_PROMPT_:
Look below for the line that contains "have w_ge0 := vnorm_ge0", then copy it and each following line exactly, through and including the line that contains "exact: (le_bigmax _".

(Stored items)

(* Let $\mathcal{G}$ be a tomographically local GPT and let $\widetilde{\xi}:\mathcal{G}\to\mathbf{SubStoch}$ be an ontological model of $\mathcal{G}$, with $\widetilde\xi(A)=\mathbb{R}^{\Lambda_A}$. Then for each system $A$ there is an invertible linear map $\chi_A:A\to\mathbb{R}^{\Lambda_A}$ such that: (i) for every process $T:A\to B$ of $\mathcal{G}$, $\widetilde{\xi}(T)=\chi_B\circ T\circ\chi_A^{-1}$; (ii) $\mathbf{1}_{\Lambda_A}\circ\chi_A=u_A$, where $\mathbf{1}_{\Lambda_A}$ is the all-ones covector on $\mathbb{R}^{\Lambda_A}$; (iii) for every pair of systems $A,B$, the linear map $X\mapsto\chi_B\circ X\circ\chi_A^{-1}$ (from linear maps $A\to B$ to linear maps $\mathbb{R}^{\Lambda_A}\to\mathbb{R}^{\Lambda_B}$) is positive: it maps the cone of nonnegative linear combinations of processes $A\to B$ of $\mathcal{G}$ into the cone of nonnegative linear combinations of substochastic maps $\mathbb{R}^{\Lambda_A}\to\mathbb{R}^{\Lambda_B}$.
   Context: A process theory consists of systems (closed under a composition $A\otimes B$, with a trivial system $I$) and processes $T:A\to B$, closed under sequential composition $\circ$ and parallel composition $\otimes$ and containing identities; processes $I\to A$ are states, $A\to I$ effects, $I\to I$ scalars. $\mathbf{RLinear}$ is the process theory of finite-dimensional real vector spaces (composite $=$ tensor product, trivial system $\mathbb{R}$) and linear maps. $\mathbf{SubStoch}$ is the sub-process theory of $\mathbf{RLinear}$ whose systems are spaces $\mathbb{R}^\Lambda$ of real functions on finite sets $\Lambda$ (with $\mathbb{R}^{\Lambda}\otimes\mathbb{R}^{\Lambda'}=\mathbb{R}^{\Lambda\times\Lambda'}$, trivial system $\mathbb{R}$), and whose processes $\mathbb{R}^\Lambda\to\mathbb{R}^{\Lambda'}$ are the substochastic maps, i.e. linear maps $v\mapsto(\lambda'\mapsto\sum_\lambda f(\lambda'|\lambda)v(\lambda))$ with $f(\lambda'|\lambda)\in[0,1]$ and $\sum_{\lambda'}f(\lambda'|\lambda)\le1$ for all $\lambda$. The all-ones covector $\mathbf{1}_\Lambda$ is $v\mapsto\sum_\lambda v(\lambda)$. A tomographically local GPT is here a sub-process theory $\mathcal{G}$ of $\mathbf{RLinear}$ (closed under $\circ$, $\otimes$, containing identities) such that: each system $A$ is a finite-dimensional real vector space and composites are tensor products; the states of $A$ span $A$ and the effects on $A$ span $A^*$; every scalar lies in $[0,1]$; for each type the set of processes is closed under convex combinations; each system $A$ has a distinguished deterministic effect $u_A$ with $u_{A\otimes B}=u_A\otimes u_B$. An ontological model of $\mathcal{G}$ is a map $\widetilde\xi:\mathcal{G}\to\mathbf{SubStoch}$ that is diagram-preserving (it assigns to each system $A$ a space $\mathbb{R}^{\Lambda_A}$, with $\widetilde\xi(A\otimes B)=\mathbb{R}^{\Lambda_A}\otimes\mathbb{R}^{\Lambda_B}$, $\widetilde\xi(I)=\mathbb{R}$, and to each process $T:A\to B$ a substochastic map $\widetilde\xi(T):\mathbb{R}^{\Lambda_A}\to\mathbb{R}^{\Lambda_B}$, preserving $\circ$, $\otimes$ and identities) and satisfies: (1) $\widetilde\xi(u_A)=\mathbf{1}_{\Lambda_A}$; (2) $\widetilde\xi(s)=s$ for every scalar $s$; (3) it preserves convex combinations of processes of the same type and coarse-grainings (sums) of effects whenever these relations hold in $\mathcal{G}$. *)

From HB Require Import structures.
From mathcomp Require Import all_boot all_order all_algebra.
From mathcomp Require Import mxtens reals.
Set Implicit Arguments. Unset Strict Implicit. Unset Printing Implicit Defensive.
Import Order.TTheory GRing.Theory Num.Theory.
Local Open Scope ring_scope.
...
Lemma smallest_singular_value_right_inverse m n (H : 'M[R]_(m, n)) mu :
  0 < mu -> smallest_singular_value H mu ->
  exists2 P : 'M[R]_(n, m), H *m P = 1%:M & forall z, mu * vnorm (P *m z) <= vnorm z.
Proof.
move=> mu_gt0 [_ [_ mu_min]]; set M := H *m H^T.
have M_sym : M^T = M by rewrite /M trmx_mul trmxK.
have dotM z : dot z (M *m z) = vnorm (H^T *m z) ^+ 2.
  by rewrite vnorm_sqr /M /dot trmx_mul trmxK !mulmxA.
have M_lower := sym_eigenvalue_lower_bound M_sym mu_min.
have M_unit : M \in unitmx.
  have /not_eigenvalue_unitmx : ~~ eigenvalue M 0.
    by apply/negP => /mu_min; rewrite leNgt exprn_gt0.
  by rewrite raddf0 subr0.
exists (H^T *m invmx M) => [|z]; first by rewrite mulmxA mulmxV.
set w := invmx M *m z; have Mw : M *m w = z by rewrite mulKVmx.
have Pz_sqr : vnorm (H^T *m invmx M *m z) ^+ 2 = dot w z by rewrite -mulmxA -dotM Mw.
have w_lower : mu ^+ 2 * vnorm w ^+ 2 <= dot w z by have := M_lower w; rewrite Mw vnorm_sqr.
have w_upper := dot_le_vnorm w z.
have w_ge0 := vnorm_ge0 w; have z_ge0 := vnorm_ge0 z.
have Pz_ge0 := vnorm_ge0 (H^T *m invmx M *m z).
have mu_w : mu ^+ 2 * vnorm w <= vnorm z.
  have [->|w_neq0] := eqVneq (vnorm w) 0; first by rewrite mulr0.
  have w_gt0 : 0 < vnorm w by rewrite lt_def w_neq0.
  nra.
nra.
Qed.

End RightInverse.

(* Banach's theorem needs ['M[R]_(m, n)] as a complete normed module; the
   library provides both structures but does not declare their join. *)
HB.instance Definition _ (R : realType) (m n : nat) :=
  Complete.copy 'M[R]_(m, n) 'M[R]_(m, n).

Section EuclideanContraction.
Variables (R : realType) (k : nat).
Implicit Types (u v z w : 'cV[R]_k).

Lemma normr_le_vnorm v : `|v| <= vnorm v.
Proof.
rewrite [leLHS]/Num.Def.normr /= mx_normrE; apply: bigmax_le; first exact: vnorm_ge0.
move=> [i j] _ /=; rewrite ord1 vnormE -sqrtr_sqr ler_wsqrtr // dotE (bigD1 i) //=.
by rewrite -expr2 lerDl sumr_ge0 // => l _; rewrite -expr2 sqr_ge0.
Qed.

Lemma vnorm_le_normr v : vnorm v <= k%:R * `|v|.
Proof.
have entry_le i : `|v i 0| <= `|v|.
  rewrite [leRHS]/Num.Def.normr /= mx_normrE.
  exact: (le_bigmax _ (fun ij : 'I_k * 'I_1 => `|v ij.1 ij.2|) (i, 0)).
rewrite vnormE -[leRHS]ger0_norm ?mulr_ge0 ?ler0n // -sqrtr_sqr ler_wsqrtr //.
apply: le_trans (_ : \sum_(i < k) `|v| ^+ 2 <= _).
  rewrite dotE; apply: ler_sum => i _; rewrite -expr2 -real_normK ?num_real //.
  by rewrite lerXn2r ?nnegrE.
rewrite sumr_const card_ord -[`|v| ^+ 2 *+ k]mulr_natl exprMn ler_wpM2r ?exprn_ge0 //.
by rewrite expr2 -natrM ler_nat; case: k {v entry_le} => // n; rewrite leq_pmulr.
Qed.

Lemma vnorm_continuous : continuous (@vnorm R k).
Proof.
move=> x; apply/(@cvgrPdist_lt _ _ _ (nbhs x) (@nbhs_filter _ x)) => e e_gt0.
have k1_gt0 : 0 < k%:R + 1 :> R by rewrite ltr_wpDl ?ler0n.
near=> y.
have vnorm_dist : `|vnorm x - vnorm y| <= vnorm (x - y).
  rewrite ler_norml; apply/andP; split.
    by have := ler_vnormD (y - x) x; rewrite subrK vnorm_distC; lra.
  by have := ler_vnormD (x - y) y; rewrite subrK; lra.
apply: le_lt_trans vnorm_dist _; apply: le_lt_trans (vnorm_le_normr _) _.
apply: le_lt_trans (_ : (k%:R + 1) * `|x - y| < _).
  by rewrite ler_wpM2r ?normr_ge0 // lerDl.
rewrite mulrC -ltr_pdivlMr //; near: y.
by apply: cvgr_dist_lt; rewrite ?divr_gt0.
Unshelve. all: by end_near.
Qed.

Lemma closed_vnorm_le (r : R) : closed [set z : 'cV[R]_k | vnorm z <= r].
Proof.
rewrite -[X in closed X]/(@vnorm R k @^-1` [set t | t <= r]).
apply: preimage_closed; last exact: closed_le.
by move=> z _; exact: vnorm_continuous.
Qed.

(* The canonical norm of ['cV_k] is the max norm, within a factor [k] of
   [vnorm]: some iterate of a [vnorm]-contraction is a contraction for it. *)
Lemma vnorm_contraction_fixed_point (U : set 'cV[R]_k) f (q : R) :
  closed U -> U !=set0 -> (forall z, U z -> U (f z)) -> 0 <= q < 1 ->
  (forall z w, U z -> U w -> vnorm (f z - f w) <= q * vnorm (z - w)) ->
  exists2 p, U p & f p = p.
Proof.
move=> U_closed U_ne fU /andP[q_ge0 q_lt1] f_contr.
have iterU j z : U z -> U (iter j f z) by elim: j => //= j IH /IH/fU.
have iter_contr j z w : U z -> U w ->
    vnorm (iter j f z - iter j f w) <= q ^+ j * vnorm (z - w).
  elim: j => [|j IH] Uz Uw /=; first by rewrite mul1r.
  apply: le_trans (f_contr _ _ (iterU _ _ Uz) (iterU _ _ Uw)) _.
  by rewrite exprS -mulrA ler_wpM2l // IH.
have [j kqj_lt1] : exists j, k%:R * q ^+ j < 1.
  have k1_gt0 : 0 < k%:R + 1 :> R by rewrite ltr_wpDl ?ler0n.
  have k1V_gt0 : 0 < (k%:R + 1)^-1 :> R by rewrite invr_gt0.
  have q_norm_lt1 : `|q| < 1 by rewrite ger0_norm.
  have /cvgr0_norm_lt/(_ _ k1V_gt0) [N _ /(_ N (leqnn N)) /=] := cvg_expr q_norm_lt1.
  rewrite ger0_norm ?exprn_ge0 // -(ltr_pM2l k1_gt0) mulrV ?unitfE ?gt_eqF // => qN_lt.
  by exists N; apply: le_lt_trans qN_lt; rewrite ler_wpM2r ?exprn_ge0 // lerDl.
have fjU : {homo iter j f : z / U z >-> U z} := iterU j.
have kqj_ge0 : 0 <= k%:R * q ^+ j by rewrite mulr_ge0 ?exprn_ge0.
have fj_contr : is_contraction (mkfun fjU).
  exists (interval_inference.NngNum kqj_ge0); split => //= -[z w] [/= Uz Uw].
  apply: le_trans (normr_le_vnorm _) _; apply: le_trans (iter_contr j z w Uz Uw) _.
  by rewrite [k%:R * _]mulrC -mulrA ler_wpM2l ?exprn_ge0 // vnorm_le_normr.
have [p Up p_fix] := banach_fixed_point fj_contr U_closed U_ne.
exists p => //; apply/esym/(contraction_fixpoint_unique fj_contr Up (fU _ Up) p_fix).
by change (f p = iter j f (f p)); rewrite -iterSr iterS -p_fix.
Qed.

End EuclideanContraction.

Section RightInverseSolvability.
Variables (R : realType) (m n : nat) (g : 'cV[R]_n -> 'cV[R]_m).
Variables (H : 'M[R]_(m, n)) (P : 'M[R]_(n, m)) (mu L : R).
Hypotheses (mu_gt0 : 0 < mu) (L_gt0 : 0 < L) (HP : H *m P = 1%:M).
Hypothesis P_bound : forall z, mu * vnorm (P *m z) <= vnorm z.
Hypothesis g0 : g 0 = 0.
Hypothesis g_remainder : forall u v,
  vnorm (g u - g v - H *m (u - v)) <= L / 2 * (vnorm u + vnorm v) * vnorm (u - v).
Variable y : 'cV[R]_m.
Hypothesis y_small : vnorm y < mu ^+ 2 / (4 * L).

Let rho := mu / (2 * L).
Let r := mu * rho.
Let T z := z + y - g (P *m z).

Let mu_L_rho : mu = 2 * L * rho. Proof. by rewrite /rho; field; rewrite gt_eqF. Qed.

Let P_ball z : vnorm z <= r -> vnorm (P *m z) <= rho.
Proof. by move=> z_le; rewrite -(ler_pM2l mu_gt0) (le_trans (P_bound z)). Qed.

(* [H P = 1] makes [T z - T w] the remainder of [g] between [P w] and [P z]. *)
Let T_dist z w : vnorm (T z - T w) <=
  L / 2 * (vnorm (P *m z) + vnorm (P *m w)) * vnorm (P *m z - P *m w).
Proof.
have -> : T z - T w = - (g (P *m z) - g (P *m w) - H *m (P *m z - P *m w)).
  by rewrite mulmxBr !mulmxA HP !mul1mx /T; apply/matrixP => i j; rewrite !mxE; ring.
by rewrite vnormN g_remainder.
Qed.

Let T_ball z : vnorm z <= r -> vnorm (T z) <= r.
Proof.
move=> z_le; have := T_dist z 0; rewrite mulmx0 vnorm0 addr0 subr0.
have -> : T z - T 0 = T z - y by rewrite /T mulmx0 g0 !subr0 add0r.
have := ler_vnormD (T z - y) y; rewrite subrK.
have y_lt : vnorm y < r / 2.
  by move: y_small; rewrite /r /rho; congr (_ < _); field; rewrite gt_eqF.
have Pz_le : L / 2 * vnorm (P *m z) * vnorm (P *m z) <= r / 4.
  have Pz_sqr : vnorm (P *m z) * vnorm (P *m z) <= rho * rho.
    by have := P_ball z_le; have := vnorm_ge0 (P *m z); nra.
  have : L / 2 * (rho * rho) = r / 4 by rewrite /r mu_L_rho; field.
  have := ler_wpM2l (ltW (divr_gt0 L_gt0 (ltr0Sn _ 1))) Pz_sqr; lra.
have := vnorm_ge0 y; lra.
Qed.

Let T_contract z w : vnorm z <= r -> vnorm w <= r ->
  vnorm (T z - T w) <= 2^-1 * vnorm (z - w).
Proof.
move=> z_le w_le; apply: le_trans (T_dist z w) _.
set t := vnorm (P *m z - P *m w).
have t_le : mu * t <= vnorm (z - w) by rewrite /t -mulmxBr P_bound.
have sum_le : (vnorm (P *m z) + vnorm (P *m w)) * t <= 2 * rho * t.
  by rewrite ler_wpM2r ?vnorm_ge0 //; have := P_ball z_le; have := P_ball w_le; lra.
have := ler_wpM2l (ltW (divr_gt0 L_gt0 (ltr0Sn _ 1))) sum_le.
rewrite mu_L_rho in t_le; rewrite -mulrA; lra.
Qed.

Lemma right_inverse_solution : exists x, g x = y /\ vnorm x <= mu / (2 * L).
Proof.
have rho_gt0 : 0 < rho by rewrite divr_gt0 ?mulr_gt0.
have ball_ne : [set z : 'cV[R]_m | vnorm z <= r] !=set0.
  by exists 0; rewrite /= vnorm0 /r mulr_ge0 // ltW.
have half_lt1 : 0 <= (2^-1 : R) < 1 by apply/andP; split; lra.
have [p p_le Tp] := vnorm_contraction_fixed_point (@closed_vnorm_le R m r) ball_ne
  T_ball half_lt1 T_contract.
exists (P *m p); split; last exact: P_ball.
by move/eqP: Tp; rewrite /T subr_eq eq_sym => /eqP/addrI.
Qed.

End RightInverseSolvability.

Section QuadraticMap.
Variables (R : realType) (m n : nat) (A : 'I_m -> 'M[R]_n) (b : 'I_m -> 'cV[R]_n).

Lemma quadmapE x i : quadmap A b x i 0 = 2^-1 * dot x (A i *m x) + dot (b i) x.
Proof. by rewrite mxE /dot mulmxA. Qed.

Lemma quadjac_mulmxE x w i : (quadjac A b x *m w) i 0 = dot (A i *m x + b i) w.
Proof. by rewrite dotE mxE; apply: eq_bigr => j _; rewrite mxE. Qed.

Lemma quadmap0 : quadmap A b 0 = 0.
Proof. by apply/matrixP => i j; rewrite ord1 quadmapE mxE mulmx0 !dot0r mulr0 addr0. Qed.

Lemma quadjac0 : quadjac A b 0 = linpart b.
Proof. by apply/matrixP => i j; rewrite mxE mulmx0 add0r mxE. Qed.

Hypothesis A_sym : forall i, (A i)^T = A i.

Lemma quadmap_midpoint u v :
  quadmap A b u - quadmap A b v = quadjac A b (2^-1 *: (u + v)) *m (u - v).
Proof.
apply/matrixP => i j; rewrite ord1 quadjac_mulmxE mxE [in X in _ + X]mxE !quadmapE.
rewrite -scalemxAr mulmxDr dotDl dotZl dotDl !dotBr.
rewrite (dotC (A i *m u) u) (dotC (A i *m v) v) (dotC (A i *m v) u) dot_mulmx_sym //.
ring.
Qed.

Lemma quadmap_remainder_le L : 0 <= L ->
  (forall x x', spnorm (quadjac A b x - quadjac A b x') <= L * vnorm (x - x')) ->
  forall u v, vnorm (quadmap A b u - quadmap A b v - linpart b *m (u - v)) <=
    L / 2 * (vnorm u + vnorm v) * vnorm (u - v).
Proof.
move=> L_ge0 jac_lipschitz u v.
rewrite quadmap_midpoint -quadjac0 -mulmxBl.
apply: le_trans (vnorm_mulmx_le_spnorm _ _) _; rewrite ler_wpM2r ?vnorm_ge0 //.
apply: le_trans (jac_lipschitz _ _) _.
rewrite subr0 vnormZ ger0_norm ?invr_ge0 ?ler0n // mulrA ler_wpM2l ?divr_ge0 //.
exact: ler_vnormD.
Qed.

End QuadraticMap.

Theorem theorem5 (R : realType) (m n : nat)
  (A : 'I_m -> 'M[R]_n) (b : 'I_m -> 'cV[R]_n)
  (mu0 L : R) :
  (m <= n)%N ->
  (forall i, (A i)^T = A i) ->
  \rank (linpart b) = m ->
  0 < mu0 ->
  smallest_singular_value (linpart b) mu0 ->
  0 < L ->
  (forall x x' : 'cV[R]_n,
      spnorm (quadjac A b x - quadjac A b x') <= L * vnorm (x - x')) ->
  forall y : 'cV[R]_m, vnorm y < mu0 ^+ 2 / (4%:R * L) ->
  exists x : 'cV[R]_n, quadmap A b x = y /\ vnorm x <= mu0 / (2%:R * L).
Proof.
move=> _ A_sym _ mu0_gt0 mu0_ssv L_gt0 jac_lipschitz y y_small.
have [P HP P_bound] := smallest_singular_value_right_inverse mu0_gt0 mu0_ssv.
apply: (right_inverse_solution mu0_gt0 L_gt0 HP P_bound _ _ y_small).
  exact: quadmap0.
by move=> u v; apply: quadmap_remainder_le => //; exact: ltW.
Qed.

_ANSWER BELOW_:
have w_ge0 := vnorm_ge0 w; have z_ge0 := vnorm_ge0 z.
have Pz_ge0 := vnorm_ge0 (H^T *m invmx M *m z).
have mu_w : mu ^+ 2 * vnorm w <= vnorm z.
  have [->|w_neq0] := eqVneq (vnorm w) 0; first by rewrite mulr0.
  have w_gt0 : 0 < vnorm w by rewrite lt_def w_neq0.
  nra.
nra.
Qed.

End RightInverse.

(* Banach's theorem needs ['M[R]_(m, n)] as a complete normed module; the
   library provides both structures but does not declare their join. *)
HB.instance Definition _ (R : realType) (m n : nat) :=
  Complete.copy 'M[R]_(m, n) 'M[R]_(m, n).

Section EuclideanContraction.
Variables (R : realType) (k : nat).
Implicit Types (u v z w : 'cV[R]_k).

Lemma normr_le_vnorm v : `|v| <= vnorm v.
Proof.
rewrite [leLHS]/Num.Def.normr /= mx_normrE; apply: bigmax_le; first exact: vnorm_ge0.
move=> [i j] _ /=; rewrite ord1 vnormE -sqrtr_sqr ler_wsqrtr // dotE (bigD1 i) //=.
by rewrite -expr2 lerDl sumr_ge0 // => l _; rewrite -expr2 sqr_ge0.
Qed.

Lemma vnorm_le_normr v : vnorm v <= k%:R * `|v|.
Proof.
have entry_le i : `|v i 0| <= `|v|.
  rewrite [leRHS]/Num.Def.normr /= mx_normrE.
  exact: (le_bigmax _ (fun ij : 'I_k * 'I_1 => `|v ij.1 ij.2|) (i, 0)).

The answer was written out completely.